In this study, a procedure is proposed for surveying public opinion from big social media domain-specific textual data to minimize the difficulties associated with modeling public behavior. Strategies for labeling posts relevant to a topic are discussed. A two-part framework is proposed in which semiautomatic labeling is applied to a small subset of posts, referred to as the “seed” in further text. This seed is used as bases for semi-supervised labeling of the rest of the data. The hypothesis is that the proposed method will achieve better labeling performance than existing classification models when applied to small amounts of labeled data. The seed is labeled using posts of users with a known and consistent view on the topic. A semi-supervised multi-class prediction model labels the remaining data iteratively. In each iteration, it adds context-label pairs to the training set if softmax-based label probabilities are above the threshold. The proposed method is characterized on four datasets by comparison to the three popular text modeling algorithms (n-grams + tfidf, fastText, VDCNN) for different sizes of labeled seeds (5,000 and 50,000 posts) and for several label-prediction significance thresholds. Our proposed semi-supervised method outperformed alternative algorithms by capturing additional contexts from the unlabeled data. The accuracy of the algorithm was increasing by (3-10%) when using a larger fraction of data as the seed. For the smaller seed, lower label probability threshold was clearly a better choice, while for larger seeds no predominant threshold was observed. The proposed framework, using fastText library for efficient text classification and representation learning, achieved the best results for a smaller seed, while VDCNN wrapped in the proposed framework achieved the best results for the bigger seed.
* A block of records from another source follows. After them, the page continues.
Lemma finite_set_compact (L : list A) (V : A -> Prop) :
  (forall a, V a -> In a L) -> compact_set dA V.
Proof.
  unfold compact_set. revert V.
  induction L as [|c L IH]; intros V HV I U HU Hcov.
  - exists nil. intros a Ha. destruct (HV a Ha).
  - destruct (IH (fun a => V a /\ a <> c)) with (U := U) as [l Hl].
    + intros a [Ha Hne]. destruct (HV a Ha) as [->|]; [contradiction|assumption].
    + exact HU.
    + intros a [Ha _]. apply Hcov, Ha.
    + destruct (classic (V c)) as [Hc|Hc].
      * destruct (Hcov c Hc) as [i Hi]. exists (i :: l). intros a Ha.
        destruct (classic (a = c)) as [->|Hne].
        -- exists i. simpl; auto.
        -- destruct (Hl a (conj Ha Hne)) as [j [Hj HUj]]. exists j. simpl; auto.
      * exists l. intros a Ha. apply Hl. split; [exact Ha|]. intros ->. contradiction.
Qed.

Hypothesis hm : is_metric dA.

(* In a compact set, eps-distinguishable lists have bounded length: the open
   eps/2-balls cover it, and each contains at most one point of the list. *)
Lemma compact_distinguishable_bound (V : A -> Prop) (eps : R) :
  0 < eps -> compact_set dA V ->
  exists B, forall l, distinguishable_list dA V eps l -> (length l <= B)%nat.
Proof.
  intros He HK. destruct hm as [_ [Hz [Hs Ht]]].
  destruct (HK A (fun a b => dA a b < eps / 2)) as [L HL].
  - intros a b Hb. exists (eps / 2 - dA a b). split; [lra|].
    intros c Hc. pose proof (Ht a c b). lra.
  - intros a _. exists a. rewrite (proj2 (Hz a a) eq_refl). lra.
  - exists (length L). intros l [Hnd [Hin Hd]].
    apply (length_le_of_injective_relation l L (fun u c => dA c u < eps / 2));
      [exact Hnd|intros u Hu; apply HL, Hin, Hu|].
    intros u v c Hu Hv Hcu Hcv. apply NNPP; intro Hne.
    pose proof (Hd u v Hu Hv Hne). pose proof (Ht u v c).
    rewrite (Hs u c) in *. lra.
Qed.

Lemma compact_packing_number_exists (V : A -> Prop) (eps : R) :
  0 < eps -> compact_set dA V -> exists n, is_packing_number dA V eps n.
Proof.
  intros He HK. destruct (compact_distinguishable_bound V eps He HK) as [B HB].
  exact (packing_number_exists_of_bound V eps B HB).
Qed.

Lemma distinguishable_le_packing_number (V : A -> Prop) (eps : R) l :
  0 < eps -> compact_set dA V -> distinguishable_list dA V eps l ->
  (length l <= packing_number dA V eps)%nat.
Proof.
  intros He HK Hl. destruct (compact_packing_number_exists V eps He HK) as [n Hn].
  rewrite (packing_number_spec V eps n Hn). apply Hn, Hl.
Qed.

(* A maximal eps-packing is an eps-net: otherwise a far point could be added. *)
Lemma maximal_packing_is_net (V : A -> Prop) (eps : R) (n : nat) (l : list A) :
  0 < eps -> is_packing_number dA V eps n -> distinguishable_list dA V eps l ->
  length l = n -> forall w, V w -> exists a, In a l /\ dA w a <= eps.
Proof.
  intros He [_ Hmax] Hl Hlen w Hw. apply NNPP; intro Hno.
  assert (Hfar : forall a, In a l -> eps < dA w a).
  { intros a Ha. apply Rnot_le_lt. intro. apply Hno. eauto. }
  destruct hm as [_ [Hz [Hs _]]]. destruct Hl as [Hnd [Hin Hd]].
  assert (Hext : distinguishable_list dA V eps (w :: l)).
  { split; [|split].
    - constructor; [|exact Hnd]. intro Hw'. specialize (Hfar w Hw').
      rewrite (proj2 (Hz w w) eq_refl) in Hfar. lra.
    - intros a [<-|Ha]; auto.
    - intros a b [<-|Ha] [<-|Hb] Hne; try (exfalso; now apply Hne); auto.
      rewrite Hs. auto. }
  apply Hmax in Hext. simpl in Hext. lia.
Qed.

Lemma pair_packing_number (x y : A) (eps : R) :
  dA x y <= eps -> 0 <= eps ->
  packing_number dA (fun z => z = x \/ z = y) eps = 1%nat.
Proof.
  intros Hxy He. destruct hm as [_ [Hz [Hs _]]].
  apply packing_number_spec, packing_number_small_diameter with x; [now left|].
  intros a b [-> | ->] [-> | ->];
    rewrite ?(proj2 (Hz _ _) eq_refl), ?(Hs y x); lra.
Qed.

Lemma pair_distinguishable (V : A -> Prop) (eps : R) (a b : A) :
  0 < eps -> V a -> V b -> eps < dA a b ->
  distinguishable_list dA V eps (a :: b :: nil).
Proof.
  intros He Ha Hb Hab. destruct hm as [_ [Hz [Hs _]]].
  assert (a <> b) as Hne by (intros ->; rewrite (proj2 (Hz b b) eq_refl) in Hab; lra).
  split; [|split].
  - constructor; [simpl; intuition|constructor; [simpl; tauto|constructor]].
  - intros c [<-|[<-|[]]]; assumption.
  - intros c e [<-|[<-|[]]] [<-|[<-|[]]] Hce; try (exfalso; now apply Hce).
    + exact Hab.
    + rewrite Hs. exact Hab.
Qed.

End Packing.

Lemma ultrametric_common_center {A : Type} (dA : A -> A -> R) (u v c : A) (eps : R) :
  is_ultrametric dA -> dA u c <= eps -> dA v c <= eps -> dA u v <= eps.
Proof.
  intros [[_ [_ [Hs _]]] Hult] Hu Hv.
  eapply Rle_trans; [apply (Hult u v c)|]. apply Rmax_lub; [exact Hu|].
  rewrite Hs. exact Hv.
Qed.

Section Product.

Context {X Y : Type} (dX : X -> X -> R) (dY : Y -> Y -> R).

Lemma d_inf_strong_triangle :
  (forall a b c, dX a b <= Rmax (dX a c) (dX c b)) ->
  (forall a b c, dY a b <= Rmax (dY a c) (dY c b)) ->
  forall p q r, d_inf dX dY p q <= Rmax (d_inf dX dY p r) (d_inf dX dY r q).
Proof.
  intros HX HY p q r. unfold d_inf.
  pose proof (Rmax_l (dX (fst p) (fst r)) (dY (snd p) (snd r))).
  pose proof (Rmax_r (dX (fst p) (fst r)) (dY (snd p) (snd r))).
  pose proof (Rmax_l (dX (fst r) (fst q)) (dY (snd r) (snd q))).
  pose proof (Rmax_r (dX (fst r) (fst q)) (dY (snd r) (snd q))).
  apply Rmax_lub.
  - eapply Rle_trans; [apply (HX _ _ (fst r))|].
    apply Rmax_lub; eapply Rle_trans; eauto; [apply Rmax_l|apply Rmax_r].
  - eapply Rle_trans; [apply (HY _ _ (snd r))|].
    apply Rmax_lub; eapply Rle_trans; eauto; [apply Rmax_l|apply Rmax_r].
Qed.

(* A partial distance-preserving metric above d_inf satisfying the strong
   triangle inequality is d_inf: go through the corner point (x2, y1). *)
Lemma strong_triangle_pdp_is_d_inf (d : X * Y -> X * Y -> R) :
  partial_distance_preserving dX dY d ->
  (forall p q, d_inf dX dY p q <= d p q) ->
  (forall a b c, d a b <= Rmax (d a c) (d c b)) ->
  forall p q, d p q = d_inf dX dY p q.
Proof.
  intros [Hrow Hcol] Hinf Hult [p1 p2] [q1 q2].
  apply Rle_antisym; [|apply Hinf].
  eapply Rle_trans; [apply (Hult _ _ (q1, p2))|].
  rewrite Hrow, Hcol. apply Rle_refl.
Qed.

Lemma product_distinguishable (W : X -> Prop) (Z : Y -> Prop) (eps : R) lW lZ :
  distinguishable_list dX W eps lW -> distinguishable_list dY Z eps lZ ->
  distinguishable_list (d_inf dX dY) (setX W Z) eps (list_prod lW lZ).
Proof.
  intros [HndW [HinW HdW]] [HndZ [HinZ HdZ]]. split; [|split].
  - apply NoDup_list_prod; assumption.
  - intros [a b] Hab. apply in_prod_iff in Hab. split; simpl; [apply HinW|apply HinZ]; tauto.
  - intros [a1 b1] [a2 b2] H1 H2 Hne. apply in_prod_iff in H1, H2. unfold d_inf; simpl.
    destruct (classic (a1 = a2)) as [<-|Ha].
    + assert (b1 <> b2) by (intros <-; auto).
      apply Rlt_le_trans with (dY b1 b2); [apply HdZ; tauto|apply Rmax_r].
    + apply Rlt_le_trans with (dX a1 a2); [apply HdW; tauto|apply Rmax_l].
Qed.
The performance was negatively influenced by the number of classes. Finally, the model was applied to characterize a biased dataset of opinions related to gun control/rights advocacy. The proposed semi-automatic seed labeling is used to label 8,448 twitter posts of 171 advocates for guns control/rights. On this application, our approach performed better than existing models and it achieves 96.5% accuracy and 0.68 F1 score.
利用社交媒体数据的标签预测来调查民意
在本研究中,提出了一种从大型社交媒体领域特定文本数据中调查民意的程序,以最大限度地减少与公众行为建模相关的困难。讨论了贴标签与主题相关的帖子的策略。提出了一个由两部分组成的框架,其中半自动标记应用于一小部分帖子,在进一步的文本中称为“种子”。该种子用作对其余数据进行半监督标记的基础。假设当应用于少量标记数据时,所提出的方法将比现有的分类模型获得更好的标记性能。种子使用对该主题具有已知和一致观点的用户的帖子进行标记。半监督多类预测模型对剩余数据进行迭代标记。在每次迭代中,如果基于softmax的标签概率高于阈值,则向训练集中添加上下文标签对。通过对比三种流行的文本建模算法(n-grams + tfidf, fastText, VDCNN)在四个数据集上对不同大小的标记种子(5,000和50,000篇文章)和几个标签预测显著性阈值进行了表征。我们提出的半监督方法通过从未标记的数据中捕获额外的上下文而优于其他算法。当使用较大比例的数据作为种子时,算法的准确率提高了(3-10%)。对于较小的种子,较低的标签概率阈值显然是较好的选择,而对于较大的种子,没有观察到优势阈值。该框架使用fastText库进行高效的文本分类和表示学习,对于较小的种子取得了最好的结果,而封装在该框架中的VDCNN对于较大的种子取得了最好的结果。性能受到班级数量的负面影响。最后,该模型被用于描述与枪支管制/权利倡导相关的有偏见的意见数据集。拟议的半自动种子标签用于标记171名枪支管制/权利倡导者的8,448条推特帖子。在此应用中,我们的方法表现优于现有模型,准确率达到96.5%,F1得分为0.68。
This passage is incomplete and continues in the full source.